▶ [PROBLEM] I'd like the line containing "- intros t. rewrite Hrep, pos_profile_sqr" and every line below it, to the end of the material, repeated exactly and with nothing else.

··· SOURCE INFORMATION

Lemma pos_profile_0 : pos_profile s1 0 = 1.
Proof.
  unfold pos_profile. rewrite sin_0, cos_0.
  replace (0 ^ 2 - s1) with (- s1) by ring. field. apply Rgt_not_eq, sqrt_lt_R0. lra.
Qed.

Lemma pos_profile_nonneg (phi : R) : 0 <= cos phi -> 0 <= pos_profile s1 phi.
Proof.
  intros Hc. unfold pos_profile. pose proof (pow2_ge_0 (sin phi)).
  apply Rmult_le_pos; [apply Rmult_le_pos; [apply sqrt_pos | lra] |].
  left. apply Rinv_0_lt_compat, sqrt_lt_R0. lra.
Qed.

Lemma pos_profile_neg (phi : R) : cos phi < 0 -> pos_profile s1 phi < 0.
Proof.
  intros Hc. unfold pos_profile. pose proof (pow2_ge_0 (sin phi)).
  assert (0 < sqrt (- s1)) by (apply sqrt_lt_R0; lra).
  assert (0 < / sqrt (sin phi ^ 2 - s1)) by (apply Rinv_0_lt_compat, sqrt_lt_R0; lra).
  unfold Rdiv. replace (sqrt (- s1) * cos phi * / sqrt (sin phi ^ 2 - s1)) with
    (cos phi * (sqrt (- s1) * / sqrt (sin phi ^ 2 - s1))) by ring.
  apply Rmult_neg_pos; [lra | now apply Rmult_lt_0_compat].
Qed.

End ProfileValues.

Lemma pos_profile_add_2PI (s1 phi : R) : pos_profile s1 (phi + 2 * PI) = pos_profile s1 phi.
Proof.
  unfold pos_profile.
  rewrite sin_plus, cos_plus, sin_2PI, cos_2PI. f_equal; [| do 3 f_equal]; ring.
Qed.

Lemma vel_profile_0 (s1 k lam : R) : vel_profile s1 k lam 0 = 0.
Proof. unfold vel_profile. rewrite sin_0. unfold Rdiv. ring. Qed.

Lemma sqrt_third_mul_period (c K : R) : 0 < c -> sqrt (c / 3) * (4 * sqrt 3 / sqrt c * K) = 4 * K.
Proof.
  intros Hc. assert (0 < sqrt c) by (apply sqrt_lt_R0; lra).
  replace (sqrt (c / 3) * (4 * sqrt 3 / sqrt c * K)) with (sqrt (c / 3) * sqrt 3 * 4 * K / sqrt c)
    by (field; lra).
  rewrite <- sqrt_mult by lra. replace (c / 3 * 3) with c by field. field. lra.
Qed.

Lemma modulus_sqr_mul (s1 s2 : R) : s1 < s2 -> s2 < 0 ->
  sqrt ((s2 - s1) / (s1 * (s2 - 1))) ^ 2 * (s1 * (s2 - 1)) = s2 - s1.
Proof.
  intros H12 H2. assert (0 < s1 * (s2 - 1)) by nra.
  rewrite pow2_sqrt; [field; lra |]. apply Rdiv_le_0_compat; lra.
Qed.

Lemma modulus_sqr_lt1 (s1 s2 : R) : s1 < s2 -> s2 < 0 -> sqrt ((s2 - s1) / (s1 * (s2 - 1))) ^ 2 < 1.
Proof.
  intros H12 H2. assert (0 < s1 * (s2 - 1)) by nra.
  pose proof (modulus_sqr_mul s1 s2 H12 H2). nra.
Qed.

Lemma oscillator_solution_am (c1 c3 c5 s1 s2 : R) (u v : R -> R) :
  0 < c5 -> s1 < s2 -> s2 < 0 ->
  3 * c3 + 2 * c5 = - 2 * c5 * (s1 + s2) -> 6 * c1 + 3 * c3 + 2 * c5 = 2 * c5 * s1 * s2 ->
  (forall t, is_derive u t (v t)) ->
  (forall t, is_derive v t (- force c1 c3 c5 (u t))) ->
  u 0 = 1 -> v 0 = 0 ->
  forall t, u t = pos_profile s1 (am (sqrt (c5 * s1 * (s2 - 1) / 3) * t)
                                      (sqrt ((s2 - s1) / (s1 * (s2 - 1))))).
Proof.
  intros Hc5 H12 H2 Hsum Hprod Hu Hv Hu0 Hv0.
  set (k := sqrt ((s2 - s1) / (s1 * (s2 - 1)))).
  set (lam := sqrt (c5 * s1 * (s2 - 1) / 3)).
  assert (Hk2 : k ^ 2 * (s1 * (s2 - 1)) = s2 - s1) by now apply modulus_sqr_mul.
  assert (Hk : k ^ 2 < 1) by now apply modulus_sqr_lt1.
  assert (Hc : 0 < c5 * s1 * (s2 - 1)) by (rewrite Rmult_assoc; apply Rmult_lt_0_compat; nra).
  assert (Hlam : 0 < lam) by (apply sqrt_lt_R0; lra).
  assert (Hlam2 : 3 * lam ^ 2 = c5 * s1 * (s2 - 1)) by (unfold lam; rewrite pow2_sqrt; lra).
  set (tau := fun phi => EllF phi k / lam).
  assert (Htau : forall phi, is_derive tau phi (ell_integrand k phi / lam)).
  { intros phi.
    exact (is_derive_scal_l (fun phi => EllF phi k) phi _ (/ lam) (is_derive_EllF k Hk phi)). }
  assert (Hrep : forall phi, u (tau phi) = pos_profile s1 phi).
  { apply (Lipschitz_system_unique (/ sqrt (1 - k ^ 2) / lam) (Rabs c1 + 3 * Rabs c3 + 5 * Rabs c5)
      (fun phi => ell_integrand k phi / lam) (fun x => - force c1 c3 c5 x)
      (fun phi => u (tau phi)) (fun phi => v (tau phi)) (pos_profile s1) (vel_profile s1 k lam)).
    - pose proof (Rabs_pos c1). pose proof (Rabs_pos c3). pose proof (Rabs_pos c5). lra.
    - intros phi. pose proof (ell_integrand_ge1 k Hk phi). pose proof (ell_integrand_le k Hk phi).
      rewrite Rabs_pos_eq; unfold Rdiv.
      + apply Rmult_le_compat_r; [left; now apply Rinv_0_lt_compat | assumption].
      + apply Rmult_le_pos; [lra | left; now apply Rinv_0_lt_compat].
    - intros x y Hx Hy. replace (- force c1 c3 c5 x - - force c1 c3 c5 y)
        with (- (force c1 c3 c5 x - force c1 c3 c5 y)) by ring.
      rewrite Rabs_Ropp. now apply force_Lipschitz.
    - intros phi. apply (is_derive_comp u tau); [apply Hu | apply Htau].
    - intros phi. apply (is_derive_comp v tau); [apply Hv | apply Htau].
    - intros phi. apply is_derive_pos_profile; lra.
    - intros phi. apply is_derive_vel_profile with (s2 := s2); lra.
    - intros phi. apply (oscillator_amplitude_le1 c1 c3 c5 s1 s2 u v); auto; lra.
    - intros phi. apply pos_profile_sqr_le1; lra.
    - unfold tau. rewrite EllF_0, Rdiv_0_l, Hu0, pos_profile_0; lra.
    - unfold tau. rewrite EllF_0, Rdiv_0_l, Hv0, vel_profile_0. reflexivity. }
  intros t. rewrite <- Hrep. unfold tau. rewrite EllF_am by assumption. f_equal. field. lra.
Qed.

Theorem theorem2 (c1 c3 c5 s1 s2 : R) (u v : R -> R)
  (Hc5 : 0 < c5)
  (HDelta : 0 < 3 * c3 ^ 2 - 4 * c5 * (4 * c1 + c3 + c5))
  (Hh0 : 0 < 6 * c1 + 3 * c3 + 2 * c5)
  (Hs12 : s1 < s2) (Hs2 : s2 < 0)
  (Hr1 : h2 c1 c3 c5 s1 = 0) (Hr2 : h2 c1 c3 c5 s2 = 0)
  (Hu' : forall t, is_derive u t (v t))
  (Hv' : forall t, is_derive v t (- (c1 * u t + c3 * (u t) ^ 3 + c5 * (u t) ^ 5)))
  (Hu0 : u 0 = 1) (Hv0 : v 0 = 0) :
  let k := sqrt ((s2 - s1) / (s1 * (s2 - 1))) in
  let T := 4 * sqrt 3 / sqrt (c5 * s1 * (s2 - 1)) * EllK k in
  (forall t, (u t) ^ 2 =
     s1 + s1 * (s1 - 1) /
            ((sn (sqrt (c5 * s1 * (s2 - 1) / 3) * t) k) ^ 2 - s1)) /\
  (forall t, u (t + T) = u t) /\
  (forall t, (0 <= t <= T / 4 \/ 3 * T / 4 <= t <= T) -> 0 <= u t) /\
  (forall t, T / 4 < t < 3 * T / 4 -> u t < 0).
Proof.
  (* [HDelta] and [Hh0] follow from the existence of the roots [s1 < s2 < 0]. *)
  intros k T.
  destruct (h2_Vieta c1 c3 c5 s1 s2 ltac:(lra) Hr1 Hr2) as [Hsum Hprod].
  assert (Hrep := oscillator_solution_am c1 c3 c5 s1 s2 u v Hc5 Hs12 Hs2 Hsum Hprod Hu' Hv' Hu0 Hv0).
  set (lam := sqrt (c5 * s1 * (s2 - 1) / 3)) in Hrep. fold k in Hrep.
  assert (Hk : k ^ 2 < 1) by now apply modulus_sqr_lt1.
  assert (Hc : 0 < c5 * s1 * (s2 - 1)) by (rewrite Rmult_assoc; apply Rmult_lt_0_compat; nra).
  assert (Hlam : 0 < lam) by (apply sqrt_lt_R0; lra).
  assert (HT : lam * T = 4 * EllK k) by now apply sqrt_third_mul_period.
  split; [| split; [| split]].
  - intros t. rewrite Hrep, pos_profile_sqr by lra. reflexivity.
  - intros t. rewrite !Hrep, Rmult_plus_distr_l, HT, am_add_4K by assumption.
    apply pos_profile_add_2PI.
  - intros t Ht. rewrite Hrep. apply pos_profile_nonneg; [lra |].
    apply cos_am_nonneg; [assumption |]. destruct Ht; [left | right]; nra.
  - intros t Ht. rewrite Hrep. apply pos_profile_neg; [lra |].
    apply cos_am_neg; [assumption | nra].
Qed.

······

▶ [TASK RESULT]
  - intros t. rewrite Hrep, pos_profile_sqr by lra. reflexivity.
  - intros t. rewrite !Hrep, Rmult_plus_distr_l, HT, am_add_4K by assumption.
    apply pos_profile_add_2PI.
  - intros t Ht. rewrite Hrep. apply pos_profile_nonneg; [lra |].
    apply cos_am_nonneg; [assumption |]. destruct Ht; [left | right]; nra.
  - intros t Ht. rewrite Hrep. apply pos_profile_neg; [lra |].
    apply cos_am_neg; [assumption | nra].
Qed.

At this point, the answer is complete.